Zack and I could hear him vomiting. We waited for him, Lisa visibly torn because she wanted to follow him.
“Sorry,” he apologized as he returned.
“Why don’t you show us around the house,” I said. “Tell me if you see her, and I’ll tell you if—”
And standing behind him was a woman who was almost six feet tall, a stunning redhead with bright blue eyes and a sad mouth. She reached out and ran a hand over his shoulder.
“Well,” I said. “I don’t think that will be necessary. What was your wife’s name?”
“Nicole,” he stared at me, then looked behind him. “You see her? She’s not there.”
“She’s wearing a camisole,” I said. “Blue with embroidered black flowers and a pair of black yoga pants.”

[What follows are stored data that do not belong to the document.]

(* Let $u$ be a harmonic function on $\mathbf D$ for which $C:=\sup\{u(z)\,(\log\frac{e}{1-|z|})^{-1}: z\in\mathbf D\}<\infty$. For every $\sigma>0$ there is $\tau_1=\tau_1(C,\sigma)>0$ such that: whenever $\theta\in[0,2\pi]$ and $r\in(0,1)$ satisfy $u(re^{i\theta})>\sigma\log\frac{e}{1-r}$, then $u(re^{i(\theta+\delta)})>\frac\sigma2\log\frac{e}{1-r}$ for all $|\delta|<\tau_1(1-r)$.
   Context: $\mathbf D$ is the open unit disc. *)

From Stdlib Require Import Reals.
From Coquelicot Require Import Coquelicot.
Open Scope R_scope.

(* Points of the plane are pairs (x, y) of reals, z = x + i y. *)
Definition in_D (x y : R) : Prop := x ^ 2 + y ^ 2 < 1.

Definition cont2 (f : R -> R -> R) (x y : R) : Prop :=
  continuous (fun p : R * R => f (fst p) (snd p)) (x, y).

Definition harmonic_D (u : R -> R -> R) : Prop :=
  exists ux uy uxx uxy uyx uyy : R -> R -> R,
    forall x y, in_D x y ->
      is_derive (fun t => u t y) x (ux x y) /\
      is_derive (fun t => u x t) y (uy x y) /\
      is_derive (fun t => ux t y) x (uxx x y) /\
      is_derive (fun t => ux x t) y (uxy x y) /\
      is_derive (fun t => uy t y) x (uyx x y) /\
      is_derive (fun t => uy x t) y (uyy x y) /\
      cont2 u x y /\ cont2 ux x y /\ cont2 uy x y /\
      cont2 uxx x y /\ cont2 uxy x y /\ cont2 uyx x y /\ cont2 uyy x y /\
      uxx x y + uyy x y = 0.

Definition wlog (r : R) : R := ln (exp 1 / (1 - r)).

Definition ratio_set (u : R -> R -> R) : R -> Prop :=
  fun v => exists x y, in_D x y /\ v = u x y / wlog (sqrt (x ^ 2 + y ^ 2)).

“That’s what she was wearing when she was killed,” he said. “All the newspapers reported it.” His eyes narrowed at me in sudden suspicion. He turned all the way around, looking through the ghost I saw as if she weren’t there. When he faced me again, he said in a low voice, “There were photos of her clothing in one of the books.”
“What about your intuition?” asked Lisa in a small voice. She was responsible for bringing me here.
His mouth softened.
“Nicole,” I said.
She looked at me—and then straightened when she could meet my eyes. “I can’t leave,” she said.